除了各组固定演员嘉宾外,《金编》节目组可以支援的年轻演员多是艺术学院的在校生,缺乏实战表演经验,剧本解读和共情能力跟不上,台词功底一般,难挑大梁。
顾念在几个年轻女演员中挑挑选选,也实在凑不够她剧本里需要的三个年轻女角色。
百思无解,时间又有限,顾念只得亲自上阵。
不知道是不是《有妖》两场替身戏打底的缘故,顾念和骆修的对手戏格外地顺,以两人对手戏为主的短剧排演也几乎没有任何障碍。
距离最后时限还剩大半天,最后一遍排演已经完美收场。
节目组请来BH传媒旗下的签约导演来临时帮忙。
分到顾念这组的那位起初还有点冷淡,从拿到剧本开始表情变化,等两三天反复排演拍摄下来,他和顾念熟了,最后已经是不住口地夸赞。
“剧本厉害,戏也不错。本来以为第四组有影后温初坐镇,剧本再普通也是他们稳赢的局——没想到啊。”
顾念立刻把握机会:“主要是骆修演得好。”
助场导演却不搭她的茬,只盯着她问:“顾编剧今年什么年纪?”
顾念被问得茫然:“22?”
导演意料之中又忍不住感慨地摇头,笑着给她竖拇指:“果然后生可畏。希望以后有机会,我们能真正合作一次啊。”
“……?”
顾念推销宝贝鹅子的第二波还没开始,导演功成身退,溜了。
走之前还扶着门给了最后一个建议:“别的戏都没什么问题,只有中间快进主角感情那里,两位可能还不够熟悉,区别于懵懂初恋期的那种热恋期的熟稔和热情不是很到位,你们可以再磋磨一下。”
说完即走,没一点停留。
顾念失望地放弃推销计划,认认真真地对着剧本研究。
片刻后她无奈地合上剧本,靠到椅背上看站在窗边的骆修:“应该是我的问题。”
“为什么?”骆修望她。
“台词功底这方面,以前我为了锻炼写出不同角色的区别声口,有专门在家里一个人对着各种剧和人物反复练习过很久——但导演说的这块刚好是快进式的无台词表演。”
骆修:“找不到感觉?”
顾念丧气点头:“我毕竟不是专业演员,无台词纯表演,还是自己没经历过的情绪状态,就很难代入了。”
“……”
骆修没接话,眼帘半垂下来,睫毛投下薄薄的阴翳,拓在冷白鼻梁一侧,若有所思的眸子里深深浅浅。
顾念攥着剧本起身,表情严肃:“不行,这个剧本怎么也不能坏在这一段上——我今天中午下午不出来了,就在房间里闭关研究。”
说着顾念就要往回走,但刚转过身,手腕就被拉住了。
顾念一怔,回眸,对上骆修温柔含笑的眼:“这种戏份,靠一个人闭关研究是没有用的。”
“啊,那要怎么做?”
“跟我来。”
“哎?”
“……”
顾念未及反应,已经被骆修牵着手带出排演房间。
这边之前也是私人岛屿,从来没有经历过庞大的人流量,所以岛上的风景都静谧而私密。
连沙滩也是最干净的,几日里无人打扰的海潮起落把细细的沙粒海洋彻底抹平,像一块巨大的画板,等着人来书写描绘。
顾念和骆修出来时,岛上恰巧下起了一场太阳雨。
天边的阳光明明还绚烂得晃眼,细密的雨丝就带着一片片流光似的,从广袤的天空之城里坠落下来。
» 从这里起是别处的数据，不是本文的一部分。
(* Let $\Gamma'\subset\Gamma$ be elliptic graphs, $\Gamma'$ a proper connected full subgraph, with index of extension $i=i_{(\Gamma',\Gamma)}$. Then $j^*_{\Gamma'}(C^\Gamma_j)=C^{\Gamma'}_{j-i}$ for every $j\ge i-1$ (with $j\le m$).
   Context: For a decorated tree $G$ (vertex set $\mathcal V(G)$, integer decorations $e_v$, genera zero, negative definite form on $L(G)=\mathbb Z\langle E_v\rangle$ with $(E_v,E_v)=e_v$, $(E_v,E_w)=1$ for adjacent $v\ne w$, $0$ otherwise) let $L'(G)$ be the dual lattice, $[l']$ the class in $L'(G)/L(G)$, $E_v^{*G}$ with $(E_v^{*G},E_w)=-\delta_{vw}$, $Z_K^G$ with $(Z_K^G,E_v)=e_v+2$, $\chi(l')=-(l',l'-Z_K^G)/2$; $\ge$ coordinatewise, $l>0$ if $l\ge0,l\ne0$, $|l'|$ the support. $\mathcal S'(G)=\{l':(l',E_v)\le0\ \forall v\}$, $s_h=\min\{l'\in\mathcal S'(G):[l']=h\}$, $Z_{min}(B)$ the minimal nonzero element of $\mathcal S'(B)\cap L(B)$. Elliptic graph: $e_v\le-2$ for all $v$ and $\min_{l\in L(G),l>0}\chi(l)=0$. NN-elliptic sequence: $B^G_{-1}=G$, $Z_{B_{-1}}=s_{[Z^G_K]}$, $B^G_0=|Z^G_K-s_{[Z^G_K]}|$; for $j\ge0$, $Z_{B_j}=Z_{min}(B^G_j)$, and if $Z^G_K-\sum_{i=-1}^jZ_{B_i}\ne0$ then $B^G_{j+1}=|Z^G_K-\sum_{i=-1}^jZ_{B_i}|$; $m$ is the index with $Z^G_K=\sum_{i=-1}^mZ_{B_i}$; $C^G_j=\sum_{i=-1}^jZ_{B_i}$. It is known that there is a unique integer $i_{(\Gamma',\Gamma)}\ge0$ (index of the extension) with $B^\Gamma_i\subseteq\Gamma'\subsetneq B^\Gamma_{i-1}$, and that the NN-elliptic sequence of $\Gamma'$ is $\Gamma',B^\Gamma_i,\dots,B^\Gamma_m$. The dual operator $j^*_{\Gamma'}:L'(\Gamma)\to L'(\Gamma')$ is the linear map with $j^*_{\Gamma'}(E_v^{*\Gamma})=E_v^{*\Gamma'}$ for $v\in\mathcal V(\Gamma')$ and $j^*_{\Gamma'}(E_v^{*\Gamma})=0$ otherwise. *)

(* Decorated graphs on the vertex type 'I_n; subgraphs are
   vertex sets S (full subgraphs); elements of L'(S) (x) Q are row vectors
   'rV[rat]_n of coordinates in the basis (E_v), supported on S. *)
From HB Require Import structures.
From mathcomp Require Import all_boot all_order all_algebra.
Set Implicit Arguments. Unset Strict Implicit. Unset Printing Implicit Defensive.
Import Order.TTheory GRing.Theory Num.Theory.
Local Open Scope ring_scope.
Lemma pell_power_coords d D t0 u0 (t u : nat -> algC) : d \in class_one_d ->
  is_discriminant d D -> in_Od d t0 -> in_Od d u0 -> t0 ^+ 2 - u0 ^+ 2 * D = 4 ->
  (forall n, [/\ in_Od d (t n), in_Od d (u n) &
                 eps_tu D t0 u0 ^+ n.+1 = (t n + u n * sqrtC D) / 2]) ->
  [/\ t 0%N = t0 /\ u 0%N = u0,
      t 1%N = t0 ^+ 2 - 2 /\ u 1%N = t0 * u0
    & t 2%N = t0 ^+ 3 - 3 * t0 /\ u 2%N = u0 * (t0 ^+ 2 - 1)].
Proof.
move=> hd hD Ot0 Ou0 pell htu.
have coords n t' u' : in_kd d t' -> in_kd d u' ->
    eps_tu D t0 u0 ^+ n.+1 = eps_tu D t' u' -> t n = t' /\ u n = u'.
  move=> kt' ku' E; have [Otn Oun En] := htu n.
  by apply: (eps_tu_inj hd hD (Od_in_kd Otn) (Od_in_kd Oun) kt' ku'); rewrite -E.
have kt0 := Od_in_kd Ot0; have ku0 := Od_in_kd Ou0.
have kn (k : nat) : in_kd d k%:R by apply/in_kd_rat/rpred_nat.
split.
- exact: coords 0%N t0 u0 kt0 ku0 (expr1 _).
- exact: coords 1%N _ _ (in_kdB (in_kdX 2 kt0) (kn 2)) (in_kdM kt0 ku0) (eps_tu_sqr pell).
- exact: coords 2%N _ _ (in_kdB (in_kdX 3 kt0) (in_kdM (kn 3) kt0))
    (in_kdM ku0 (in_kdB (in_kdX 2 kt0) (kn 1))) (eps_tu_cube pell).
Qed.

Section RealBounds.
Variable R : realFieldType.
Implicit Types a b dl sg v w : R.

Lemma ge1_of_sqr_gt200 sg dl : 0 <= sg -> sg ^+ 2 = dl -> 200 < dl -> 1 <= sg.
Proof. by move=> *; nra. Qed.

Lemma u1_bound_real a b dl sg : 0 <= a -> 0 <= b -> 0 <= sg -> sg ^+ 2 = dl ->
  200 < dl -> a ^+ 2 <= b ^+ 2 * dl + 4 -> 4 / 9 * b ^+ 2 <= a ->
  a * b <= 30 * dl * sg.
Proof.
move=> a_ge0 b_ge0 sg_ge0 sgE dl_gt pell_le b_small.
have sg_ge1 := ge1_of_sqr_gt200 sg_ge0 sgE dl_gt.
have a_le : a <= 3 * dl.
  rewrite leNgt; apply/negP => a_gt.
  have : b ^+ 2 * dl <= 9 / 4 * a * dl by nra.
  nra.
have b_le : b <= 3 * sg.
  rewrite leNgt; apply/negP => b_gt.
  have : 9 * sg ^+ 2 < b ^+ 2 by nra.
  nra.
have : a * b <= 3 * dl * (3 * sg) by apply: ler_pM => //; nra.
nra.
Qed.

Lemma u2_bound_real a b dl sg : 0 <= a -> 0 <= b -> 0 <= sg -> sg ^+ 2 = dl ->
  200 < dl -> 1 <= b -> a ^+ 2 <= b ^+ 2 * dl + 4 -> b ^+ 2 * dl <= a ^+ 2 + 4 ->
  4 / 9 * (a * b) ^+ 2 <= a ^+ 2 + 2 ->
  b * (a ^+ 2 + 1) <= 30 * dl * sg.
Proof.
move=> a_ge0 b_ge0 sg_ge0 sgE dl_gt b_ge1 pell_le pell_ge ab_small.
have sg_ge1 := ge1_of_sqr_gt200 sg_ge0 sgE dl_gt.
have a2_ge : 196 <= a ^+ 2 by nra.
have b_le : b <= 3.
  rewrite leNgt; apply/negP => b_gt.
  have : 0 <= (b ^+ 2 - 9) * a ^+ 2 by apply: mulr_ge0; nra.
  nra.
have : a ^+ 2 <= 9 * dl + 4 by nra.
nra.
Qed.

Lemma t2_lt_real a b dl v w : 0 <= a -> 0 <= b -> 200 < dl -> 1 <= b ->
  b ^+ 2 * dl <= a ^+ 2 + 4 -> a ^+ 2 - 1 <= v -> w <= a ^+ 3 + 3 * a ->
  w < 4 / 9 * (b * v) ^+ 2.
Proof.
move=> a_ge0 b_ge0 dl_gt b_ge1 pell_ge v_ge w_le.
have a2_ge : 196 <= a ^+ 2 by nra.
have v_ge195 : 195 <= v by nra.
have v_le : v ^+ 2 <= (b * v) ^+ 2.
  have : 0 <= (b ^+ 2 - 1) * v ^+ 2 by apply: mulr_ge0; nra.
  rewrite exprMn; nra.
have v2_ge : (a ^+ 2 - 1) ^+ 2 <= v ^+ 2.
  have : 0 <= (v - (a ^+ 2 - 1)) * (v + (a ^+ 2 - 1)) by apply: mulr_ge0; nra.
  nra.
have : 9 * (a ^+ 3 + 3 * a) < 4 * (a ^+ 2 - 1) ^+ 2 by nra.
nra.
Qed.

End RealBounds.

Section CoordBounds.
Variables D t0 u0 : algC.
Hypotheses (D_gt : 200 < `|D|) (u0_ge1 : 1 <= `|u0|).
Hypotheses (pell_le : `|t0| ^+ 2 <= `|u0| ^+ 2 * `|D| + 4)
           (pell_ge : `|u0| ^+ 2 * `|D| <= `|t0| ^+ 2 + 4).

(* algC is only partially ordered, so the estimates are transferred to the real
   closed field algR, where nra applies. *)
Let absR (z : algC) : algR := in_algR (normr_real z).
Let sqrtR : algR := in_algR (sqrtC_real (normr_ge0 D)).

Let algR_leE (x y : algR) : (x <= y) = (algRval x <= algRval y). Proof. by []. Qed.
Let algR_ltE (x y : algR) : (x < y) = (algRval x < algRval y). Proof. by []. Qed.
Let algRvalE := (rmorphD, rmorphB, rmorphM, rmorphXn, rmorph_nat, rmorph1, fmorphV).

Let absR_t0_ge0 : 0 <= absR t0. Proof. by rewrite algR_leE /=. Qed.
Let absR_u0_ge0 : 0 <= absR u0. Proof. by rewrite algR_leE /=. Qed.
Let sqrtR_ge0 : 0 <= sqrtR. Proof. by rewrite algR_leE /= sqrtC_ge0. Qed.
Let sqrtR_sqr : sqrtR ^+ 2 = absR D. Proof. by apply: val_inj; rewrite /= -expr2 sqrtCK. Qed.
Let absR_D_gt : 200 < absR D. Proof. by rewrite algR_ltE ?algRvalE /=. Qed.
Let absR_u0_ge1 : 1 <= absR u0. Proof. by rewrite algR_leE ?algRvalE /=. Qed.
Let pell_leR : absR t0 ^+ 2 <= absR u0 ^+ 2 * absR D + 4.
Proof. by rewrite algR_leE ?algRvalE /=. Qed.
Let pell_geR : absR u0 ^+ 2 * absR D <= absR t0 ^+ 2 + 4.
Proof. by rewrite algR_leE ?algRvalE /=. Qed.

Lemma u1_bound : ~ (`|t0| < 4 / 9 * `|u0| ^+ 2) ->
  `|t0 * u0| <= 30 * `|D| * sqrtC `|D|.
Proof.
move=> not_small.
have small : 4 / 9 * absR u0 ^+ 2 <= absR t0.
  by rewrite leNgt algR_ltE ?algRvalE /=; apply/negP.
have := u1_bound_real absR_t0_ge0 absR_u0_ge0 sqrtR_ge0 sqrtR_sqr absR_D_gt pell_leR small.
by rewrite normrM algR_leE ?algRvalE /=.
Qed.

Lemma u2_bound : ~ (`|t0 ^+ 2 - 2| < 4 / 9 * `|t0 * u0| ^+ 2) ->
  `|u0 * (t0 ^+ 2 - 1)| <= 30 * `|D| * sqrtC `|D|.
Proof.
move=> not_small.
have small : 4 / 9 * (absR t0 * absR u0) ^+ 2 <= absR t0 ^+ 2 + 2.
  have -> : absR t0 * absR u0 = absR (t0 * u0) by apply: val_inj; rewrite /= normrM.
  apply: (@le_trans _ _ (absR (t0 ^+ 2 - 2))).
    by rewrite leNgt algR_ltE ?algRvalE /=; apply/negP.
  rewrite algR_leE ?algRvalE /=.
  by apply: le_trans (ler_normB _ _) _; rewrite normrX normr_nat.
have := u2_bound_real absR_t0_ge0 absR_u0_ge0 sqrtR_ge0 sqrtR_sqr absR_D_gt absR_u0_ge1
  pell_leR pell_geR small.
rewrite algR_leE ?algRvalE /= => bound.
rewrite normrM; apply: le_trans bound; rewrite ler_wpM2l //.
by apply: le_trans (ler_normB _ _) _; rewrite normrX normr1.
Qed.

Lemma t2_lt : `|t0 ^+ 3 - 3 * t0| < 4 / 9 * `|u0 * (t0 ^+ 2 - 1)| ^+ 2.
Proof.
have v_ge : absR t0 ^+ 2 - 1 <= absR (t0 ^+ 2 - 1).
  rewrite algR_leE ?algRvalE /=.
  by have := lerB_dist (t0 ^+ 2) 1; rewrite normrX normr1.
have w_le : absR (t0 ^+ 3 - 3 * t0) <= absR t0 ^+ 3 + 3 * absR t0.
  rewrite algR_leE ?algRvalE /=.
  by apply: le_trans (ler_normB _ _) _; rewrite normrX normrM normr_nat.
have := t2_lt_real absR_t0_ge0 absR_u0_ge0 absR_D_gt absR_u0_ge1 pell_geR v_ge w_le.
by rewrite normrM algR_ltE ?algRvalE /=.
Qed.

End CoordBounds.

Theorem lemma4p6 (d : nat) (hd : d \in class_one_d) :
  exists N : algC, 0 < N /\
  forall (D t0 u0 : algC), is_discriminant d D -> N < `|D| ->
    fundamental_sol d D t0 u0 ->
    forall (t u : nat -> algC),
      (forall n : nat, [/\ in_Od d (t n), in_Od d (u n) &
         eps_tu D t0 u0 ^+ n.+1 = (t n + u n * sqrtC D) / 2]) ->
    forall m : nat,
      `|t m| < 4 / 9 * `|u m| ^+ 2 ->
      (forall k : nat, (k < m)%N -> ~ (`|t k| < 4 / 9 * `|u k| ^+ 2)) ->
      m <> 0%N ->
      `|u m| <= 30 * `|D| * sqrtC `|D|.
Proof.
exists 200; split; first by rewrite ltr0n.
move=> D t0 u0 hD D_gt [[Ot0 Ou0 pell] eps_gt1 _] t u htu m _ hmin m_neq0.
have [[t0E u0E] [t1E u1E] [t2E u2E]] := pell_power_coords hd hD Ot0 Ou0 pell htu.
have u0_ge1 := Od_norm_ge1 hd Ou0 (pell_u_neq0 pell eps_gt1).
have [pell_le pell_ge] := pell_norm_bounds pell.
case: m hmin m_neq0 => [|[|[|m]]] // hmin _.
- rewrite u1E; apply: u1_bound D_gt pell_le _.
  by rewrite -t0E -u0E; apply: hmin.
- rewrite u2E; apply: u2_bound D_gt u0_ge1 pell_le pell_ge _.
  by rewrite -t1E -u1E; apply: hmin.
- exfalso; apply: (hmin 2%N isT); rewrite t2E u2E; exact: t2_lt D_gt u0_ge1 pell_ge.
Qed.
有太阳的掩护,这场雨来得猝不及防,尽管并不大,在衣衫单薄的夏天却足够细密恼人了。
骆修拉着顾念跑进海滩边上的小木屋,到檐下时,两人的衣服都湿了近半,最上面的一层头发也湿哒哒地搭下来,额角几绺还滴着水珠,狼狈得很。
两人对视几秒。
骆修莞尔转开,顾念也噗嗤一声笑弯了腰。
“你带我出来,就是专门淋一场雨的吗?”顾念停住笑以后,眼睛晶亮地转回来问。
骆修拨了拨额角有点半湿的碎发,无奈地摘了被雨丝模糊了的薄片眼镜:“当然不是。”
“那是要做什么?”
“……”
骆修没有回答,他回身看了看身后。木屋的门半敞着,里面暂时做了节目组的储藏室。
挂在外排的有一个衣架是为工作人员准备的一次性防晒衣,还有几把防晒伞和雨伞收拢在伞盒里。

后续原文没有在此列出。